Data items:
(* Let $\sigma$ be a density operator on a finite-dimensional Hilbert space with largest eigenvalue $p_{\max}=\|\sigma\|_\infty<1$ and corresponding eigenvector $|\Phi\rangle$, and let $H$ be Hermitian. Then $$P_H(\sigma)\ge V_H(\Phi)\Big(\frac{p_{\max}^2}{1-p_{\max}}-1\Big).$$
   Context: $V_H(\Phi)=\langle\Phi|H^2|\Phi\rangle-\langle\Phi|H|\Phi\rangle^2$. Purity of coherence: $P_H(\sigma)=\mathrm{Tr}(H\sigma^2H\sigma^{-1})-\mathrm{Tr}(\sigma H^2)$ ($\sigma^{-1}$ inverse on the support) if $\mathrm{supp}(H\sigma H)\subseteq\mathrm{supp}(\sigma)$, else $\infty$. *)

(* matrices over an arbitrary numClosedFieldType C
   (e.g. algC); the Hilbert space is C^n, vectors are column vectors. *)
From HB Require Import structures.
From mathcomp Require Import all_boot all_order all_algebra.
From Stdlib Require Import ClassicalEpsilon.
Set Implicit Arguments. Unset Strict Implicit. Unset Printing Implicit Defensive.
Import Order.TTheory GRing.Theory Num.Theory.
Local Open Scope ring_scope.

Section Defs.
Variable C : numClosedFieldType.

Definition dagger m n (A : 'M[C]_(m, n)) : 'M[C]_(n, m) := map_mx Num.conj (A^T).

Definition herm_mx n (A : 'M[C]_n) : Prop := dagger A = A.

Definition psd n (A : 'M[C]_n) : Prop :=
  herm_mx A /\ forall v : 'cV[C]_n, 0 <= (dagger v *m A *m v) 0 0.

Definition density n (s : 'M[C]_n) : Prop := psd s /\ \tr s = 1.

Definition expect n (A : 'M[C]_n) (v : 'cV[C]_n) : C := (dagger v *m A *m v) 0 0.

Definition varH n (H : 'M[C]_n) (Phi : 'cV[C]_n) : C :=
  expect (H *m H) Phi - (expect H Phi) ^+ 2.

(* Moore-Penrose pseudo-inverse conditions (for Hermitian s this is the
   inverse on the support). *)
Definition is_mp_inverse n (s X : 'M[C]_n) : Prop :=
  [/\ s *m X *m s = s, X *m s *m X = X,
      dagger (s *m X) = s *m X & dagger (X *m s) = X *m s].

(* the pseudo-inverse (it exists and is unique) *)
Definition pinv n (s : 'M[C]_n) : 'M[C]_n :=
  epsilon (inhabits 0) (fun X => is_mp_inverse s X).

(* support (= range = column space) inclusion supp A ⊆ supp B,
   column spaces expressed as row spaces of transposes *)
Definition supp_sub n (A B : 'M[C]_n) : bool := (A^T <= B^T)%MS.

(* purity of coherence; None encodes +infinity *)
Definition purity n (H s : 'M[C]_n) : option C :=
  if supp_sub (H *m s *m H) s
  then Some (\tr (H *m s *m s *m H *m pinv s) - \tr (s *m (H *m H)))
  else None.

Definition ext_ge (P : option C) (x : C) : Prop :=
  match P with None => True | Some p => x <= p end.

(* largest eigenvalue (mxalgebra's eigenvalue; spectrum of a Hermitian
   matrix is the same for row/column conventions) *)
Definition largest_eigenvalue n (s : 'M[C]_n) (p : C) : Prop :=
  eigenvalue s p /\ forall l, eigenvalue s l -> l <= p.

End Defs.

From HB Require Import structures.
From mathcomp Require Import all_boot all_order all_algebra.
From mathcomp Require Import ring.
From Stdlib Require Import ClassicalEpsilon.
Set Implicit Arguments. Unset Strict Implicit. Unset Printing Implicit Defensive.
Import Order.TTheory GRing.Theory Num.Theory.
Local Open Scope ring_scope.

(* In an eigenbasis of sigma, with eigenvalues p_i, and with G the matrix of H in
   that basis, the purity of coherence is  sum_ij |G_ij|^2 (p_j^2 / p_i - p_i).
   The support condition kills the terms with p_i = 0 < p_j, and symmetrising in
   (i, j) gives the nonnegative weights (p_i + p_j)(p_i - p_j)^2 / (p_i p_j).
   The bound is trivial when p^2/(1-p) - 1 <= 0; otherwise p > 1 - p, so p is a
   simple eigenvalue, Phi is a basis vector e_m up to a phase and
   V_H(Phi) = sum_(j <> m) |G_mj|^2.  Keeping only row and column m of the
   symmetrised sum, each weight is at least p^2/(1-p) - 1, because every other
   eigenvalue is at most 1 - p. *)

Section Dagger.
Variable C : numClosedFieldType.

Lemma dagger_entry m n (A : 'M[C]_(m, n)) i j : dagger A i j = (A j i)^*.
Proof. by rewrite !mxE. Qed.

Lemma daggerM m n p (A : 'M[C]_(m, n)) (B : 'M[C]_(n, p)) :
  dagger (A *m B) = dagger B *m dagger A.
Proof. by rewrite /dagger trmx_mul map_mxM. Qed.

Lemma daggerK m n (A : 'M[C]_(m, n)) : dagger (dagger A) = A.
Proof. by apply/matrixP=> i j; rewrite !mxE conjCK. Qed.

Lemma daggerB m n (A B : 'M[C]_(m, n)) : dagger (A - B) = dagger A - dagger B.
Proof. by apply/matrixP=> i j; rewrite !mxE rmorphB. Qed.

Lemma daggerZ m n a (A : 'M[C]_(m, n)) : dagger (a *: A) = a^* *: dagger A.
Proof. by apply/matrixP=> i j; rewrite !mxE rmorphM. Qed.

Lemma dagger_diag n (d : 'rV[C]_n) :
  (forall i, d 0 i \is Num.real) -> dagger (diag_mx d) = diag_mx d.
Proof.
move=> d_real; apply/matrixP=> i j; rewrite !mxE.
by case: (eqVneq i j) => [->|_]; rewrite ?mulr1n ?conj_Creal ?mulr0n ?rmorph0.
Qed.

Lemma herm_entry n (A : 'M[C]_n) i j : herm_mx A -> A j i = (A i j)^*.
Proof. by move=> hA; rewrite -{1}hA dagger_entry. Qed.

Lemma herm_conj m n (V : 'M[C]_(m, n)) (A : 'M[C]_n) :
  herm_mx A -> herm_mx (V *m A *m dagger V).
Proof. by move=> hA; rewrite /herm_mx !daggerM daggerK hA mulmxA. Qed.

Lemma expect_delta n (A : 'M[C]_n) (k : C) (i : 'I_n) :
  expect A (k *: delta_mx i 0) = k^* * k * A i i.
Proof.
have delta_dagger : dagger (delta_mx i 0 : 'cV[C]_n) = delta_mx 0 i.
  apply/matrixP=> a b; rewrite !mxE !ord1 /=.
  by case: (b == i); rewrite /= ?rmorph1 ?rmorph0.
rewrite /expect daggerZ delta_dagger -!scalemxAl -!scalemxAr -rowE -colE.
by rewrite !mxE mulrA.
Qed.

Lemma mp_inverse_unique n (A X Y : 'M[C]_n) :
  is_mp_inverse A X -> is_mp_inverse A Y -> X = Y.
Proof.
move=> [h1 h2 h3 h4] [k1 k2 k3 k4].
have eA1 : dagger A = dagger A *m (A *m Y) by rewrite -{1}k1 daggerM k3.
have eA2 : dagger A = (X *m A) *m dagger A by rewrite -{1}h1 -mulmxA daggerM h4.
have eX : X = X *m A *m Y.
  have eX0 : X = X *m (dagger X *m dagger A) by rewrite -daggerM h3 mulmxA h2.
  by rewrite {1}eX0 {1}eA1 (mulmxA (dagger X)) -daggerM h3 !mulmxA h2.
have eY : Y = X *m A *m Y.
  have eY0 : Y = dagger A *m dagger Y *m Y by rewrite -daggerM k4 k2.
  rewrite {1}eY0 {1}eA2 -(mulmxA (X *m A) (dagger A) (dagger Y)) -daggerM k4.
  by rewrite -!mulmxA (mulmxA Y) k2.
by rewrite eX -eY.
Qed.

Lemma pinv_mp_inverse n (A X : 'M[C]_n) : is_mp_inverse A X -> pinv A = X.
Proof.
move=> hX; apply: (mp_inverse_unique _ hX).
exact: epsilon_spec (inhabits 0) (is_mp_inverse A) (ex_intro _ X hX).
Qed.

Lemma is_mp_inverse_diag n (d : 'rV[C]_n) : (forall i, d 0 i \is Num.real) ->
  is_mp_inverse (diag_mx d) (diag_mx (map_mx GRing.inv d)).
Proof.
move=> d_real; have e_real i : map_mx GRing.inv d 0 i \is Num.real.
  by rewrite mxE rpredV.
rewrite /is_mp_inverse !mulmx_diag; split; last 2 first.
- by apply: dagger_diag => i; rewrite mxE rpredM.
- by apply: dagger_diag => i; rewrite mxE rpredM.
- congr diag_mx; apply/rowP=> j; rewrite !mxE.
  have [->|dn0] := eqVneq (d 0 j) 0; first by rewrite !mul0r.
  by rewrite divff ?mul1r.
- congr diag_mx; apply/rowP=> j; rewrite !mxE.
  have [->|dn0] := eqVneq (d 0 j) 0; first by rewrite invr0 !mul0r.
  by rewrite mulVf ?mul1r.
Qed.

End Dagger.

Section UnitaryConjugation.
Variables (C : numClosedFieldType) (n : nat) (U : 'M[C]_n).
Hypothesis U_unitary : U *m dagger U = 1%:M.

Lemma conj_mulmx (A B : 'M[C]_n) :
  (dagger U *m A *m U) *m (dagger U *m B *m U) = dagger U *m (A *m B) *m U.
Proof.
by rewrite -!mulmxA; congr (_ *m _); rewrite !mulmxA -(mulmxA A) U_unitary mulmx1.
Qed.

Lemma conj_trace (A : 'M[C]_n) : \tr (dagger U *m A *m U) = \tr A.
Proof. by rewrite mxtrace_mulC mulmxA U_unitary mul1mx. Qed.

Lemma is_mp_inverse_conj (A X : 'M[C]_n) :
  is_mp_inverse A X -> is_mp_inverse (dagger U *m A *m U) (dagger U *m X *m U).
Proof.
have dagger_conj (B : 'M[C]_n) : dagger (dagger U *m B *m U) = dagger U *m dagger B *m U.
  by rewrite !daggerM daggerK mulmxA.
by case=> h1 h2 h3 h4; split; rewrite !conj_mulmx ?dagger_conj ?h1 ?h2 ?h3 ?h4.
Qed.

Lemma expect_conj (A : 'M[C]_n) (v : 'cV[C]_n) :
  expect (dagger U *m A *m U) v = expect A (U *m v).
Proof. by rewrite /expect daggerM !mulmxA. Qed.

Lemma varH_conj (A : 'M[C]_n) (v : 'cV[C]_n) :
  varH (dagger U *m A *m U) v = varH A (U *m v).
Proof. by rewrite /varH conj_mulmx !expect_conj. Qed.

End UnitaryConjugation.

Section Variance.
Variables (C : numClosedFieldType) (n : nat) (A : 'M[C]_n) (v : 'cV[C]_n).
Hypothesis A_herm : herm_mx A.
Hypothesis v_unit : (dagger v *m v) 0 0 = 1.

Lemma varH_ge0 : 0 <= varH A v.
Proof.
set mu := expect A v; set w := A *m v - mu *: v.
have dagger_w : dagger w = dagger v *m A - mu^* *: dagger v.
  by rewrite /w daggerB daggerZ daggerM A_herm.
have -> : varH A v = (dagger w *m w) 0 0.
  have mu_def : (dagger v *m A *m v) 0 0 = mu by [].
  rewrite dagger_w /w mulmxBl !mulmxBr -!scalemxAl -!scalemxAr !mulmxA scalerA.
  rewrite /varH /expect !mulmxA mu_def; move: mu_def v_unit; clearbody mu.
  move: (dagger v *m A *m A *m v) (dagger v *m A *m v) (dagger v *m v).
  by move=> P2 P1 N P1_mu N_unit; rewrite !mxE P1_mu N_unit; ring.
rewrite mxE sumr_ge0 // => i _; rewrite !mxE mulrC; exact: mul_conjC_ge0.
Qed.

Exercise description — Retype only this portion of the data above: the line containing "move=> d_real; apply/matrixP=>", the line containing "by rewrite !mul0r.", and all lines between them, exactly.

Solution —
move=> d_real; apply/matrixP=> i j; rewrite !mxE.
by case: (eqVneq i j) => [->|_]; rewrite ?mulr1n ?conj_Creal ?mulr0n ?rmorph0.
Qed.

Lemma herm_entry n (A : 'M[C]_n) i j : herm_mx A -> A j i = (A i j)^*.
Proof. by move=> hA; rewrite -{1}hA dagger_entry. Qed.

Lemma herm_conj m n (V : 'M[C]_(m, n)) (A : 'M[C]_n) :
  herm_mx A -> herm_mx (V *m A *m dagger V).
Proof. by move=> hA; rewrite /herm_mx !daggerM daggerK hA mulmxA. Qed.

Lemma expect_delta n (A : 'M[C]_n) (k : C) (i : 'I_n) :
  expect A (k *: delta_mx i 0) = k^* * k * A i i.
Proof.
have delta_dagger : dagger (delta_mx i 0 : 'cV[C]_n) = delta_mx 0 i.
  apply/matrixP=> a b; rewrite !mxE !ord1 /=.
  by case: (b == i); rewrite /= ?rmorph1 ?rmorph0.
rewrite /expect daggerZ delta_dagger -!scalemxAl -!scalemxAr -rowE -colE.
by rewrite !mxE mulrA.
Qed.

Lemma mp_inverse_unique n (A X Y : 'M[C]_n) :
  is_mp_inverse A X -> is_mp_inverse A Y -> X = Y.
Proof.
move=> [h1 h2 h3 h4] [k1 k2 k3 k4].
have eA1 : dagger A = dagger A *m (A *m Y) by rewrite -{1}k1 daggerM k3.
have eA2 : dagger A = (X *m A) *m dagger A by rewrite -{1}h1 -mulmxA daggerM h4.
have eX : X = X *m A *m Y.
  have eX0 : X = X *m (dagger X *m dagger A) by rewrite -daggerM h3 mulmxA h2.
  by rewrite {1}eX0 {1}eA1 (mulmxA (dagger X)) -daggerM h3 !mulmxA h2.
have eY : Y = X *m A *m Y.
  have eY0 : Y = dagger A *m dagger Y *m Y by rewrite -daggerM k4 k2.
  rewrite {1}eY0 {1}eA2 -(mulmxA (X *m A) (dagger A) (dagger Y)) -daggerM k4.
  by rewrite -!mulmxA (mulmxA Y) k2.
by rewrite eX -eY.
Qed.

Lemma pinv_mp_inverse n (A X : 'M[C]_n) : is_mp_inverse A X -> pinv A = X.
Proof.
move=> hX; apply: (mp_inverse_unique _ hX).
exact: epsilon_spec (inhabits 0) (is_mp_inverse A) (ex_intro _ X hX).
Qed.

Lemma is_mp_inverse_diag n (d : 'rV[C]_n) : (forall i, d 0 i \is Num.real) ->
  is_mp_inverse (diag_mx d) (diag_mx (map_mx GRing.inv d)).
Proof.
move=> d_real; have e_real i : map_mx GRing.inv d 0 i \is Num.real.
  by rewrite mxE rpredV.
rewrite /is_mp_inverse !mulmx_diag; split; last 2 first.
- by apply: dagger_diag => i; rewrite mxE rpredM.
- by apply: dagger_diag => i; rewrite mxE rpredM.
- congr diag_mx; apply/rowP=> j; rewrite !mxE.
  have [->|dn0] := eqVneq (d 0 j) 0; first by rewrite !mul0r.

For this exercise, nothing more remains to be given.